# Exercise aim:
Set out exactly, and with nothing added, the line containing "case: k => j mn mjn; rewrite /eta_it." and every line after it through the final line of the data.

# Stored items:
Lemma zrep_ge1 x : 1 <= `|zrep x|.
Proof.
have [w0 _] := joukowski_zrep_root x.
rewrite /zrep; case: ifP => // /negbT w1.
rewrite normfV invf_ge1 ?normr_gt0 // ltW //.
by rewrite real_ltNge ?normr_real.
Qed.

Lemma zrep_joukowski u : 1 < `|u| -> zrep (joukowski u) = u.
Proof.
move=> u1; have u0 : u != 0 by rewrite -normr_gt0 (lt_trans ltr01).
have [w0 wu] := joukowski_zrep_root (joukowski u); move: w0 wu.
rewrite /zrep; set w := _ + _ => w0 wu.
have : (w - u) * (w - u^-1) == 2%:R * w * (joukowski w - joukowski u).
  by apply/eqP; rewrite /joukowski; field; rewrite u0 w0.
rewrite wu subrr mulr0.
rewrite mulf_eq0 !subr_eq0 => /orP[] /eqP ->; first by rewrite ltW.
by rewrite normfV invf_ge1 ?normr_gt0 // lt_geF // invrK.
Qed.

End Joukowski.


Lemma norm_joukowski_le (R : realType) (u : R[i]) :
  `|joukowski u| <= (`|u| + `|u|^-1) / 2%:R.
Proof.
by rewrite normrM normfV normr_nat ler_pM2r ?invr_gt0 ?ltr0n // -normfV ler_normD.
Qed.

Lemma aw_region_of_Rnq (R : realType) (s x : R[i]) n :
  0 < `|s| -> `|s| < 1 -> Rnq s n < `|x| ->
  forall m : int, m <= n%:Z -> 1 < `|s ^ m * zrep x|.
Proof.
move=> s0 s1 xR m mn; set u := zrep x.
have u1 : 1 <= `|u| := zrep_ge1 x.
have sn0 : 0 < `|s| ^+ n := exprn_gt0 n s0.
have a1 : 1 <= `|s| ^- n by rewrite invf_ge1 // exprn_ile1 // ltW.
have au : `|s| ^- n < `|u|.
  apply: lt_of_add_inv_lt => //; rewrite invrK.
  rewrite -(ltr_pM2r (x := 2%:R^-1)) ?invr_gt0 ?ltr0n //.
  apply: lt_le_trans xR _; rewrite -(joukowski_zrep x) -/u.
  exact: norm_joukowski_le.
have [k ->] : exists k : nat, m = n%:Z - k%:Z by exists `|n%:Z - m|%N; lia.
rewrite normrM normrXz.
apply: (@le_lt_trans _ _ (`|s| ^ (n%:Z - k%:Z) * `|s| ^- n)); last first.
  by rewrite ltr_pM2l ?exprz_gt0.
rewrite expfzDr ?gt_eqF // -exprnN mulrAC mulfV ?gt_eqF // mul1r.
by rewrite invf_ge1 ?exprn_gt0 // exprn_ile1 // ltW.
Qed.

Section AskeyWilsonLattice.
Variables (R : realType) (s z : R[i]).
Hypothesis s_neq0 : s != 0.

(* [s] stands for q^(1/2), so [aw_point m] is the paper's x_m. *)
Definition aw_point (m : int) : R[i] := joukowski (s ^ m * z).

Definition aw_diff (h : int -> R[i]) (m : int) : R[i] :=
  (h (m + 1) - h (m - 1)) / (aw_point (m + 1) - aw_point (m - 1)).

Definition aw_gap (m0 : int) (l k : nat) : R[i] :=
  aw_point (m0 - l%:Z - 2 * k%:Z) - aw_point (m0 - l%:Z - 2 * k%:Z - 2).

Lemma aw_pointD m k : aw_point (m + k) = joukowski (s ^ k * (s ^ m * z)).
Proof. by rewrite /aw_point expfzDr // mulrAC mulrC. Qed.

Lemma eta_pow_aw_point k m (g : R[i] -> R[i]) : 1 < `|s ^ m * z| ->
  eta_pow s k g (aw_point m) = g (aw_point (m + k)).
Proof.
move=> big; rewrite /eta_pow zrep_joukowski // aw_pointD; congr g.
by rewrite /joukowski -invr_expz [in RHS]invfM.
Qed.

Lemma joukowski_neq_pm1 (u : R[i]) : 1 < `|u| ->
  (joukowski u == 1) || (joukowski u == -1) = false.
Proof.
move=> u1; have u0 : u != 0 by rewrite -normr_gt0 (lt_trans ltr01).
apply/negbTE/norP; split; apply/eqP => ju.
  have : (u - 1) ^+ 2 = 2%:R * u * (joukowski u - 1) by rewrite /joukowski; field.
  rewrite ju subrr mulr0 => /eqP; rewrite sqrf_eq0 subr_eq0 => /eqP u_1.
  by move: u1; rewrite u_1 normr1 ltxx.
have : (u + 1) ^+ 2 = 2%:R * u * (joukowski u + 1) by rewrite /joukowski; field.
rewrite ju addNr mulr0 => /eqP; rewrite sqrf_eq0 addr_eq0 => /eqP u_1.
by move: u1; rewrite u_1 normrN1 ltxx.
Qed.

Lemma Dq_aw_point m (g : R[i] -> R[i]) : 1 < `|s ^ m * z| ->
  Dq s g (aw_point m) = aw_diff (g \o aw_point) m.
Proof.
move=> big; rewrite /Dq joukowski_neq_pm1 //.
by rewrite /eta1 /etam1 !eta_pow_aw_point.
Qed.

Lemma aw_point_sub_neq0 m : s ^+ 2 != 1 -> 1 < `|s ^ m * z| ->
  aw_point (m + 1) - aw_point (m - 1) != 0.
Proof.
move=> s2 big; set u := s ^ m * z.
have u0 : u != 0 by rewrite -normr_gt0 (lt_trans ltr01).
have -> : aw_point (m + 1) - aw_point (m - 1) = (s - s^-1) * (u - u^-1) / 2%:R.
  rewrite !aw_pointD expr1z exprN1 -/u /joukowski.
  by field; rewrite s_neq0 u0.
rewrite !mulf_neq0 ?invr_eq0 ?pnatr_eq0 // subr_eq0.
  by apply: contra s2 => /eqP ss; rewrite expr2 {1}ss mulVf.
apply/eqP => uu; have := big; rewrite -/u {1}uu normfV invf_gt1 ?normr_gt0 //.
by move/(lt_trans big); rewrite ltxx.
Qed.

Lemma row_iter_aw_diff (m0 : int) p (h : 'I_p -> int -> R[i]) l k :
  \row_j iter l aw_diff (h j) (m0 - l%:Z - 2 * k%:Z) =
  divdiff (aw_gap m0) (fun k => \row_j h j (m0 - 2 * k%:Z)) l k.
Proof.
elim: l k => [|l IH] k /=; apply/rowP => j; rewrite !mxE.
  by rewrite subr0.
rewrite -!IH !mxE /aw_diff /aw_gap mulrC.
have -> : m0 - l.+1%:Z - 2 * k%:Z + 1 = m0 - l%:Z - 2 * k%:Z by lia.
have -> : m0 - l.+1%:Z - 2 * k%:Z - 1 = m0 - l%:Z - 2 * k.+1%:Z by lia.
by have -> : m0 - l%:Z - 2 * k.+1%:Z = m0 - l%:Z - 2 * k%:Z - 2 by lia.
Qed.

Section Region.
Variable n : nat.
Hypothesis aw_region : forall m : int, m <= n%:Z -> 1 < `|s ^ m * z|.

Lemma iter_eta_pow_aw_point (e : int) j m (g : R[i] -> R[i]) :
  (forall i : nat, (i < j)%N -> m + e * i%:Z <= n%:Z) ->
  iter j (eta_pow s e) g (aw_point m) = g (aw_point (m + e * j%:Z)).
Proof.
elim: j m => [|j IH] m mn; first by rewrite mulr0 addr0.
have mn0 : m <= n%:Z by have := mn 0%N; rewrite mulr0 addr0; apply.
rewrite iterS eta_pow_aw_point ?aw_region //.
rewrite IH => [|i ij]; first by congr (g (aw_point _)); rewrite -addn1 PoszD; ring.
rewrite (_ : _ + _ = m + e * i.+1%:Z) ?mn // -addn1 PoszD; ring.
Qed.

Lemma eta_it_aw_point k m (g : R[i] -> R[i]) : m <= n%:Z -> m + k <= n%:Z ->
  eta_it s k g (aw_point m) = g (aw_point (m + k)).
Proof.
case: k => j mn mjn; rewrite /eta_it.
  by rewrite (iter_eta_pow_aw_point (e := 1)) ?mul1r // => i ij; lia.
rewrite (iter_eta_pow_aw_point (e := -1)) => [|i ij]; last by lia.
by rewrite NegzE mulN1r.
Qed.

Lemma Dq_it_aw_point i m (g : R[i] -> R[i]) : m + i%:Z <= n%:Z ->
  Dq_it s i g (aw_point m) = iter i aw_diff (g \o aw_point) m.
Proof.
elim: i m => [//|i IH] m min.
rewrite /Dq_it iterS -/(Dq_it s i g) Dq_aw_point; last by apply: aw_region; lia.
by rewrite iterS /aw_diff /= !IH //; lia.
Qed.

Lemma Aq_aw_point k (g : R[i] -> R[i]) :
  Aq s k g (aw_point 0) = 2%:R^-1 * (g (aw_point k%:Z) + g (aw_point (- k%:Z))).
Proof.
have big0 : 1 < `|s ^ 0 * z| by apply: aw_region.
rewrite /Aq; case: eqP => [->|_]; first by rewrite oppr0; field.
by rewrite !eta_pow_aw_point // !add0r mulrC.
Qed.

Hypothesis s2_neq1 : s ^+ 2 != 1.
Variable fs : 'I_n.+1 -> R[i] -> R[i].

Let v k := \row_(j < n.+1) fs j (aw_point (n%:Z - 2 * k%:Z)).
Let V := divdiff (aw_gap n) v.

Lemma aw_gap_neq0 l k : (l < n)%N -> (k < n - l)%N -> aw_gap n l k != 0.
Proof.
move=> ln kl; set m := n%:Z - l.+1%:Z - 2 * k%:Z.
have mn : m <= n%:Z by lia.
have := aw_point_sub_neq0 s2_neq1 (aw_region mn).
rewrite /aw_gap (_ : n%:Z - l%:Z - 2 * k%:Z = m + 1); last lia.
by rewrite (_ : m + 1 - 2 = m - 1) //; lia.
Qed.

Lemma divdiff_entry (i k : nat) j :
  V i k 0 j = Dq_it s i (fs j) (aw_point (n%:Z - i%:Z - 2 * k%:Z)).
Proof.
have /rowP/(_ j) := row_iter_aw_diff n (fun j => fs j \o aw_point) i k.
by rewrite !mxE /V /v => <-; rewrite Dq_it_aw_point //; lia.
Qed.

# Expected answer:
case: k => j mn mjn; rewrite /eta_it.
  by rewrite (iter_eta_pow_aw_point (e := 1)) ?mul1r // => i ij; lia.
rewrite (iter_eta_pow_aw_point (e := -1)) => [|i ij]; last by lia.
by rewrite NegzE mulN1r.
Qed.

Lemma Dq_it_aw_point i m (g : R[i] -> R[i]) : m + i%:Z <= n%:Z ->
  Dq_it s i g (aw_point m) = iter i aw_diff (g \o aw_point) m.
Proof.
elim: i m => [//|i IH] m min.
rewrite /Dq_it iterS -/(Dq_it s i g) Dq_aw_point; last by apply: aw_region; lia.
by rewrite iterS /aw_diff /= !IH //; lia.
Qed.

Lemma Aq_aw_point k (g : R[i] -> R[i]) :
  Aq s k g (aw_point 0) = 2%:R^-1 * (g (aw_point k%:Z) + g (aw_point (- k%:Z))).
Proof.
have big0 : 1 < `|s ^ 0 * z| by apply: aw_region.
rewrite /Aq; case: eqP => [->|_]; first by rewrite oppr0; field.
by rewrite !eta_pow_aw_point // !add0r mulrC.
Qed.

Hypothesis s2_neq1 : s ^+ 2 != 1.
Variable fs : 'I_n.+1 -> R[i] -> R[i].

Let v k := \row_(j < n.+1) fs j (aw_point (n%:Z - 2 * k%:Z)).
Let V := divdiff (aw_gap n) v.

Lemma aw_gap_neq0 l k : (l < n)%N -> (k < n - l)%N -> aw_gap n l k != 0.
Proof.
move=> ln kl; set m := n%:Z - l.+1%:Z - 2 * k%:Z.
have mn : m <= n%:Z by lia.
have := aw_point_sub_neq0 s2_neq1 (aw_region mn).
rewrite /aw_gap (_ : n%:Z - l%:Z - 2 * k%:Z = m + 1); last lia.
by rewrite (_ : m + 1 - 2 = m - 1) //; lia.
Qed.

Lemma divdiff_entry (i k : nat) j :
  V i k 0 j = Dq_it s i (fs j) (aw_point (n%:Z - i%:Z - 2 * k%:Z)).
Proof.
have /rowP/(_ j) := row_iter_aw_diff n (fun j => fs j \o aw_point) i k.
by rewrite !mxE /V /v => <-; rewrite Dq_it_aw_point //; lia.
Qed.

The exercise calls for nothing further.